> _Problem_
From the records below, please repeat exactly the line that has "case: d => [|z", the line that has "move=> eq_ww' f;", and every line between them, and nothing else.
====== Source information
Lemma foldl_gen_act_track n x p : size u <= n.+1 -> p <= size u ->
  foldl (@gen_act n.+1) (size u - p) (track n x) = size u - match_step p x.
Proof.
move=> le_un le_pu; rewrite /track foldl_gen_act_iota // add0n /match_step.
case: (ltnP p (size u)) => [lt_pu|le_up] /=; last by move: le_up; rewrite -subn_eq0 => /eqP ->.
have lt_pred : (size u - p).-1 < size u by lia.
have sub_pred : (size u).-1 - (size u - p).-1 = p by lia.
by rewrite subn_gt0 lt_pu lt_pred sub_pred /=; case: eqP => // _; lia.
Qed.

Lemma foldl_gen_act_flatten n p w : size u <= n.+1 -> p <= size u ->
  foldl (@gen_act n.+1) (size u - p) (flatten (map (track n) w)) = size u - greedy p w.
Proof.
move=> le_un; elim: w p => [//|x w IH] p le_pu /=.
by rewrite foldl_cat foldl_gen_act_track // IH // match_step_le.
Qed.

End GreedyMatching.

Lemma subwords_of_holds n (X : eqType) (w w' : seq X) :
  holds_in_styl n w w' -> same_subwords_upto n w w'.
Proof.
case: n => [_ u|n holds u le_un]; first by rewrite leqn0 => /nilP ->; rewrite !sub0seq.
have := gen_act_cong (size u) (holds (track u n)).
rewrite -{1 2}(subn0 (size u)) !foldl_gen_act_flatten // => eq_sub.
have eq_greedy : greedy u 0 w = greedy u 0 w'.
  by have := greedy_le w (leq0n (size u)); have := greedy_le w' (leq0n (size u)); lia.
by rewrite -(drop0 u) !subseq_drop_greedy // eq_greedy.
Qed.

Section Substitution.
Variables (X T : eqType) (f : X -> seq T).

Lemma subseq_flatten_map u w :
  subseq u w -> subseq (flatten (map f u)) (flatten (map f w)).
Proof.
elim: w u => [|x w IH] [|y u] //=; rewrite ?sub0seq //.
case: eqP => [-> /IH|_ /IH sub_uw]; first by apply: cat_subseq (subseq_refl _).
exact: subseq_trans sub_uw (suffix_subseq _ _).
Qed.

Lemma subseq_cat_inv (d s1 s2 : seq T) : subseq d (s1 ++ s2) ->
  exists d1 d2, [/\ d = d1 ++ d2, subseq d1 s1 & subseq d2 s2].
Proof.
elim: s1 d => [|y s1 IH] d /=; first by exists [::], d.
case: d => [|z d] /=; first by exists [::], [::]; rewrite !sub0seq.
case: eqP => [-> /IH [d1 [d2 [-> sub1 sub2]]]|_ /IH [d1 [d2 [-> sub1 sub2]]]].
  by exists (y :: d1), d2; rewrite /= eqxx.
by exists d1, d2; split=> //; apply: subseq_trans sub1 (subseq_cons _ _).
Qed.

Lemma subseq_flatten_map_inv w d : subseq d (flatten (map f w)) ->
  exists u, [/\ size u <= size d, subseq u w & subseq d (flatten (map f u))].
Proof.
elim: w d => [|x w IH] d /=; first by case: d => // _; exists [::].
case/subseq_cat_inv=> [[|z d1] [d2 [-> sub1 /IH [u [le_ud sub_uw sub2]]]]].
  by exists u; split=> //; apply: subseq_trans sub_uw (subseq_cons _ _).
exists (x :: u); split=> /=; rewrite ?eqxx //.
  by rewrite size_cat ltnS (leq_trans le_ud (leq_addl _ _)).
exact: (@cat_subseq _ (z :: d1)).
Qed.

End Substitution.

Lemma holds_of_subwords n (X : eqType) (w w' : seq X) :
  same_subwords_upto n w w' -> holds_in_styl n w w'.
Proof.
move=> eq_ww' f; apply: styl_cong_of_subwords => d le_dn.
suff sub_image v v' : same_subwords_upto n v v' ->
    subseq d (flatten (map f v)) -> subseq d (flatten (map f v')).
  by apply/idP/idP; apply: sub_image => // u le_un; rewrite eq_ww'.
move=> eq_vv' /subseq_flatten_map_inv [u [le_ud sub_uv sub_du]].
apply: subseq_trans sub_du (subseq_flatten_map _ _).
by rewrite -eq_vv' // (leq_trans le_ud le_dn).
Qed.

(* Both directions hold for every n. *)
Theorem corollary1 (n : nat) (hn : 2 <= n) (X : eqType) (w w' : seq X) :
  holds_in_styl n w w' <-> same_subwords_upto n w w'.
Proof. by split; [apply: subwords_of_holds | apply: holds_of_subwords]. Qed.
============
====== Source information
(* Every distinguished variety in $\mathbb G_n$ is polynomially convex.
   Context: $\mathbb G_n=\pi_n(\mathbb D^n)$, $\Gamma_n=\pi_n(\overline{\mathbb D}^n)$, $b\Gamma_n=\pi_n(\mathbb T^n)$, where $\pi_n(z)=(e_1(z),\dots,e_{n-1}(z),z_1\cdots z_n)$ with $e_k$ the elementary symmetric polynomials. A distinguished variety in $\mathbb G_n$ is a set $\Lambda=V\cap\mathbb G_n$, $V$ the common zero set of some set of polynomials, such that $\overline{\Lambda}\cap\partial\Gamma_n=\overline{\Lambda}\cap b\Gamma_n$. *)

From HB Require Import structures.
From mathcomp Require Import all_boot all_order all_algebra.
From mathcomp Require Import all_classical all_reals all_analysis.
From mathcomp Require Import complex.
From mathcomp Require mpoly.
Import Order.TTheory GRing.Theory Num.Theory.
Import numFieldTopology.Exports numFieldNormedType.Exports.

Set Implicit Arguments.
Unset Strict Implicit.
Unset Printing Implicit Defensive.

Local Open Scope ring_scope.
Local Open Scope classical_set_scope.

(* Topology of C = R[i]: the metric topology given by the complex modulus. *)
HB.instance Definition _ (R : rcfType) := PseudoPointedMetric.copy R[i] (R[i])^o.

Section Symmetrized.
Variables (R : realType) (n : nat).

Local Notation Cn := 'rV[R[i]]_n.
============
> _Answer section_
case: d => [|z d] /=; first by exists [::], [::]; rewrite !sub0seq.
case: eqP => [-> /IH [d1 [d2 [-> sub1 sub2]]]|_ /IH [d1 [d2 [-> sub1 sub2]]]].
  by exists (y :: d1), d2; rewrite /= eqxx.
by exists d1, d2; split=> //; apply: subseq_trans sub1 (subseq_cons _ _).
Qed.

Lemma subseq_flatten_map_inv w d : subseq d (flatten (map f w)) ->
  exists u, [/\ size u <= size d, subseq u w & subseq d (flatten (map f u))].
Proof.
elim: w d => [|x w IH] d /=; first by case: d => // _; exists [::].
case/subseq_cat_inv=> [[|z d1] [d2 [-> sub1 /IH [u [le_ud sub_uw sub2]]]]].
  by exists u; split=> //; apply: subseq_trans sub_uw (subseq_cons _ _).
exists (x :: u); split=> /=; rewrite ?eqxx //.
  by rewrite size_cat ltnS (leq_trans le_ud (leq_addl _ _)).
exact: (@cat_subseq _ (z :: d1)).
Qed.

End Substitution.

Lemma holds_of_subwords n (X : eqType) (w w' : seq X) :
  same_subwords_upto n w w' -> holds_in_styl n w w'.
Proof.
move=> eq_ww' f; apply: styl_cong_of_subwords => d le_dn.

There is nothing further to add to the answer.